セルベックスカプセル・セルベックス顆粒(一般名:テプレノン)は1984年から発売されている胃薬になります。

セルベックスは胃を守る物質(防御因子)を増やしてくれる作用を持ちます。効果は穏やかですが安全性に非常に優れるセルベックスは現在でも多く処方されている胃薬です。

胃薬にはたくさんの種類のお薬があります。これらの中でセルベックスはどのような位置付けになるのでしょうか。

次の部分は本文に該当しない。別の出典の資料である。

(* Let $G_3$ be the graph with vertices $v_1,\dots,v_8$ and edges $a_1=v_1v_2$, $a_2=v_2v_3$, $a_3=v_3v_4$, $a_4=v_4v_5$, $a_5=v_1v_5$, $a_6=v_1v_8$, $a_7=v_2v_6$, $a_8=v_3v_6$, $a_9=v_4v_7$, $a_{10}=v_5v_8$, $a_{11}=v_6v_7$, $a_{12}=v_7v_8$. Let $\gamma_1=e_1+e_3+e_{10}+e_{11}$, $\gamma_2=e_2+e_4+e_6+e_{11}$, $\gamma_3=e_3+e_5+e_7+e_{12}$, $\gamma_4=e_2+e_5+e_6+e_7+e_8+2e_9+e_{10}$, $\gamma_5=e_2+e_3+e_5+e_6+e_7+e_9+e_{10}+e_{11}$ in $\mathbb{R}^{12}$. Then any $\gamma\in S_{\mathbb{R}}(G_3)$ can be uniquely written as $\gamma=k_1\gamma_1+k_2\gamma_2+k_3\gamma_3+k_4\gamma_4+k_5\gamma_5$ with $k_1,\dots,k_5\in\mathbb{R}$. Moreover, $\gamma\in S(G_3)$ if and only if each of the numbers $k_1,\ k_2,\ k_3,\ k_4,\ k_1+k_2+k_5,\ k_1+k_3+k_5,\ k_1+k_4+k_5,\ k_2+k_4+k_5,\ k_3+k_4+k_5,\ 2k_4+k_5$ belongs to $\mathbb{N}$. Consequently, for $\gamma\in S(G_3)$ one has $k_5\in\mathbb{Z}$.
   Context: For a finite graph $G$ with edges $a_1,\dots,a_n$, $S_{\mathbb{R}}(G)$ is the set of vectors $(\alpha_1,\dots,\alpha_n)\in\mathbb{R}^n$ (real labels $\alpha_i$ on edges $a_i$) such that for every vertex $v$ the sum of the labels of the edges incident to $v$ is the same number $s$ for all vertices; it is a real vector space. A magic labelling is an element of $S(G)=S_{\mathbb{R}}(G)\cap\mathbb{N}^n$. $e_i$ is the $i$-th unit vector of $\mathbb{R}^n$, $\mathbb{N}=\{0,1,2,\dots\}$. *)

From HB Require Import structures.
From mathcomp Require Import all_boot all_order all_algebra.
From mathcomp Require Import reals.
Set Implicit Arguments. Unset Strict Implicit. Unset Printing Implicit Defensive.
Import Order.TTheory GRing.Theory Num.Theory.
Local Open Scope ring_scope.

(* Edges a_1..a_12 of G_3 (stored at indices 0..11), as pairs of vertex
   numbers in 1..8 (v_1..v_8). *)
Definition G3_edges : seq (nat * nat) :=
  [:: (1,2); (2,3); (3,4); (4,5); (1,5); (1,8);
      (2,6); (3,6); (4,7); (5,8); (6,7); (7,8)]%N.

(* Vertex v : 'I_8 stands for v_(v+1); edge i : 'I_12 stands for a_(i+1). *)
Definition incident (v : 'I_8) (i : 'I_12) : bool :=
  let e := nth (0%N, 0%N) G3_edges i in (v.+1 == e.1) || (v.+1 == e.2).

Definition in_SR (R : realType) (x : 'rV[R]_12) : Prop :=
  exists s : R, forall v : 'I_8, \sum_(i < 12 | incident v i) x 0 i = s.

Definition in_S (R : realType) (x : 'rV[R]_12) : Prop :=
  in_SR x /\ forall i : 'I_12, x 0 i \is a Num.nat.

(* Coefficients of gamma_1..gamma_5 (index j : 'I_5 stands for gamma_(j+1)). *)
Definition gamma_coeffs : seq (seq nat) :=
  [:: [:: 1; 0; 1; 0; 0; 0; 0; 0; 0; 1; 1; 0];
      [:: 0; 1; 0; 1; 0; 1; 0; 0; 0; 0; 1; 0];
      [:: 0; 0; 1; 0; 1; 0; 1; 0; 0; 0; 0; 1];
      [:: 0; 1; 0; 0; 1; 1; 1; 1; 2; 1; 0; 0];
      [:: 0; 1; 1; 0; 1; 1; 1; 0; 1; 1; 1; 0]]%N.

Definition gamma (R : realType) (j : 'I_5) : 'rV[R]_12 :=
  \row_(i < 12) (nth 0%N (nth [::] gamma_coeffs j) i)%:R.

(* k_1 gamma_1 + ... + k_5 gamma_5, with k_(j+1) = k 0 j. *)
Definition comb (R : realType) (k : 'rV[R]_5) : 'rV[R]_12 :=
  \sum_(j < 5) k 0 j *: gamma R j.

From HB Require Import structures.
From mathcomp Require Import all_boot all_order all_algebra.
From mathcomp Require Import reals.
From mathcomp Require Import lra.
Set Implicit Arguments. Unset Strict Implicit. Unset Printing Implicit Defensive.
Import Order.TTheory GRing.Theory Num.Theory.
Local Open Scope ring_scope.

(* Solving the eight vertex equations shows that a labelling in S_R(G_3) is
   determined by a_1, a_4, a_12, a_8 and a_9, and this gives an explicit left
   inverse of k |-> k_1 gamma_1 + ... + k_5 gamma_5 which is a right inverse
   on S_R(G_3).  The twelve labels of that combination are exactly the ten
   linear forms of the statement (two of them twice), so integrality of the
   labelling means integrality of those forms; finally k_5 = a_9 - 2 a_8. *)

Lemma ord5_inord : [/\ (0 : 'I_5) = inord 0, (1 : 'I_5) = inord 1,
  (2 : 'I_5) = inord 2, (3 : 'I_5) = inord 3 & (4 : 'I_5) = inord 4].
Proof. by split; apply/val_inj; rewrite /= inordK. Qed.

Section MagicLabellingsOfG3.

Variable R : realType.
Implicit Types (x : 'rV[R]_12) (k : 'rV[R]_5).

(* Indices are 0-based: [label x n] is the label of a_(n+1), [coef k j] is k_(j+1). *)
Local Notation label x n := (x 0 (@inord 11 n)).
Local Notation coef k j := (k 0 (@inord 4 j)).

Lemma in_SR_vertex_sums x : in_SR x -> exists s,
  [/\ label x 0 + label x 4 + label x 5 = s, label x 0 + label x 1 + label x 6 = s,
      label x 1 + label x 2 + label x 7 = s, label x 2 + label x 3 + label x 8 = s &
  [/\ label x 3 + label x 4 + label x 9 = s, label x 6 + label x 7 + label x 10 = s,
      label x 8 + label x 10 + label x 11 = s & label x 5 + label x 9 + label x 11 = s]].
Proof.
case=> s sum_s; exists s.
have vertex_sum v : (v < 8)%N -> \sum_(0 <= i < 12)
    (let e := nth (0%N, 0%N) G3_edges i in
     if (v.+1 == e.1) || (v.+1 == e.2) then label x i else 0) = s.
  move=> lt_v8; rewrite -(sum_s (inord v)) (big_mkcond (incident _)) big_mknat.
  by apply: eq_big_nat => i /andP[_ lt_i12]; rewrite /incident !inordK.
move: (vertex_sum 0%N isT) (vertex_sum 1%N isT) (vertex_sum 2%N isT) (vertex_sum 3%N isT)
      (vertex_sum 4%N isT) (vertex_sum 5%N isT) (vertex_sum 6%N isT) (vertex_sum 7%N isT).
rewrite unlock /= => v1 v2 v3 v4 v5 v6 v7 v8.
by split; [lra | lra | lra | lra | split; lra].
Qed.

Definition comb_entries k : seq R :=
  [:: coef k 0; coef k 1 + coef k 3 + coef k 4; coef k 0 + coef k 2 + coef k 4;
      coef k 1; coef k 2 + coef k 3 + coef k 4; coef k 1 + coef k 3 + coef k 4;
      coef k 2 + coef k 3 + coef k 4; coef k 3; 2 * coef k 3 + coef k 4;
      coef k 0 + coef k 3 + coef k 4; coef k 0 + coef k 1 + coef k 4; coef k 2].

Lemma combE k i : comb k 0 i = (comb_entries k)`_i.
Proof.
have -> : comb k 0 i =
    \sum_(0 <= j < 5) coef k j * (nth 0%N (nth [::] gamma_coeffs j) i)%:R.
  rewrite summxE big_mknat; apply: eq_big_nat => j /andP[_ lt_j5].
  by rewrite !mxE inordK.
rewrite unlock /=.
by case: i => -[|[|[|[|[|[|[|[|[|[|[|[|//]]]]]]]]]]]] _ /=; lra.
Qed.

Lemma comb_label k n : (n < 12)%N -> label (comb k) n = (comb_entries k)`_n.
Proof. by move=> lt_n12; rewrite combE inordK. Qed.

Definition coords x : 'rV[R]_5 :=
  \row_(j < 5) [:: label x 0; label x 3; label x 11; label x 7;
                   label x 8 - 2 * label x 7]`_j.

Lemma coords_comb k : coords (comb k) = k.
Proof.
apply/rowP => j; rewrite mxE -[in RHS](inord_val j).
case: j => -[|[|[|[|[|//]]]]] _ /=; rewrite !comb_label //=; lra.
Qed.

Lemma comb_coords x : in_SR x -> comb (coords x) = x.
Proof.
case/in_SR_vertex_sums=> s [v1 v2 v3 v4 [v5 v6 v7 v8]].
apply/rowP => i; rewrite combE -[in RHS](inord_val i).
by case: i => -[|[|[|[|[|[|[|[|[|[|[|[|//]]]]]]]]]]]] ?; rewrite /= !mxE !inordK //=; lra.
Qed.

Lemma comb_nat k : (forall i, comb k 0 i \is a Num.nat) <->
  coef k 0 \is a Num.nat /\ coef k 1 \is a Num.nat /\ coef k 2 \is a Num.nat /\
  coef k 3 \is a Num.nat /\ coef k 0 + coef k 1 + coef k 4 \is a Num.nat /\
  coef k 0 + coef k 2 + coef k 4 \is a Num.nat /\
  coef k 0 + coef k 3 + coef k 4 \is a Num.nat /\
  coef k 1 + coef k 3 + coef k 4 \is a Num.nat /\
  coef k 2 + coef k 3 + coef k 4 \is a Num.nat /\ 2 * coef k 3 + coef k 4 \is a Num.nat.
Proof.
split=> [nat_comb | [? [? [? [? [? [? [? [? [? ?]]]]]]]]] i].
  have nat_entry n : (n < 12)%N -> (comb_entries k)`_n \is a Num.nat.
    by move=> lt_n12; rewrite -comb_label.
  exact: (conj (nat_entry 0%N isT) (conj (nat_entry 3%N isT)
    (conj (nat_entry 11%N isT) (conj (nat_entry 7%N isT) (conj (nat_entry 10%N isT)
    (conj (nat_entry 2%N isT) (conj (nat_entry 9%N isT) (conj (nat_entry 1%N isT)
    (conj (nat_entry 4%N isT) (nat_entry 8%N isT)))))))))).
by rewrite combE; case: i => -[|[|[|[|[|[|[|[|[|[|[|[|//]]]]]]]]]]]].
Qed.

Lemma coords_int x : (forall i, x 0 i \is a Num.nat) ->
  forall j, coords x 0 j \is a Num.int.
Proof.
move=> nat_x j; have int_x i : x 0 i \is a Num.int by apply/intr_nat/nat_x.
rewrite mxE; case: j => -[|[|[|[|[|//]]]]] _ //=.
by rewrite rpredB ?rpredM ?int_x ?natr_int.
Qed.

End MagicLabellingsOfG3.

Theorem mainTheorem5 (R : realType) :
  (forall g : 'rV[R]_12, in_SR g -> exists! k : 'rV[R]_5, g = comb k) /\
  (forall (g : 'rV[R]_12) (k : 'rV[R]_5), in_SR g -> g = comb k ->
     let k1 := k 0 0 in let k2 := k 0 1 in let k3 := k 0 2 in
     let k4 := k 0 3 in let k5 := k 0 4 in
     (in_S g <->
       (k1 \is a Num.nat /\ k2 \is a Num.nat /\ k3 \is a Num.nat /\
        k4 \is a Num.nat /\ k1 + k2 + k5 \is a Num.nat /\
        k1 + k3 + k5 \is a Num.nat /\ k1 + k4 + k5 \is a Num.nat /\
        k2 + k4 + k5 \is a Num.nat /\ k3 + k4 + k5 \is a Num.nat /\
        2 * k4 + k5 \is a Num.nat))) /\
  (forall (g : 'rV[R]_12) (k : 'rV[R]_5), in_S g -> g = comb k ->
     k 0 4 \is a Num.int).
Proof.
have [-> -> -> -> ->] := ord5_inord.
split; [|split].
- move=> g SRg; exists (coords g); split; first by rewrite comb_coords.
  by move=> k ->; rewrite coords_comb.
- move=> g k SRg gE /=; apply: iff_trans (comb_nat k); rewrite -gE.
  by split=> [[] // | nat_g]; split.
- move=> g k [_ nat_g] gE.
  by rewrite -(coords_comb k) -gE coords_int.
Qed.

セルベックスの効果や特徴・副作用、どのような作用機序を持つお薬でどのような方に向いているお薬なのかについてみていきましょう。

 

1.セルベックスの効果・特徴

まずはセルベックスの特徴について、かんたんに紹介します。

セルベックスは、効果は穏やかですが副作用が非常に少なく、安全性に非常に優れる胃薬です。注意点としては食後に服用しないと効果が非常に落ちてしまいます。

セルベックスの効果・作用は穏やかで、劇的に胃腸症状(胃痛や嘔吐など)を治してくれるものではありません。そのため程度の重い胃炎・胃潰瘍に対して用いるとなれば力不足となる事が多く、ある程度進行した胃炎・胃潰瘍に対して主剤として用いられる事はまずありません。

しかし胃の防御因子を増やしたり、胃を攻撃する悪い因子を減らしたりする作用により、穏やかに胃炎や胃潰瘍を改善させる事が確認されています。

その作用は様々な機序があり、胃粘液や胃への血流を増やしたり、プロスタグランジンや重炭酸イオンといった胃を守る物質を増やしたりする作用があります。

注意点としては、セルベックスは空腹時(食前や寝る前など)に服用すると、体内に吸収される割合が極端に下がってしまうため、必ず食後に服用しなくてはいけません。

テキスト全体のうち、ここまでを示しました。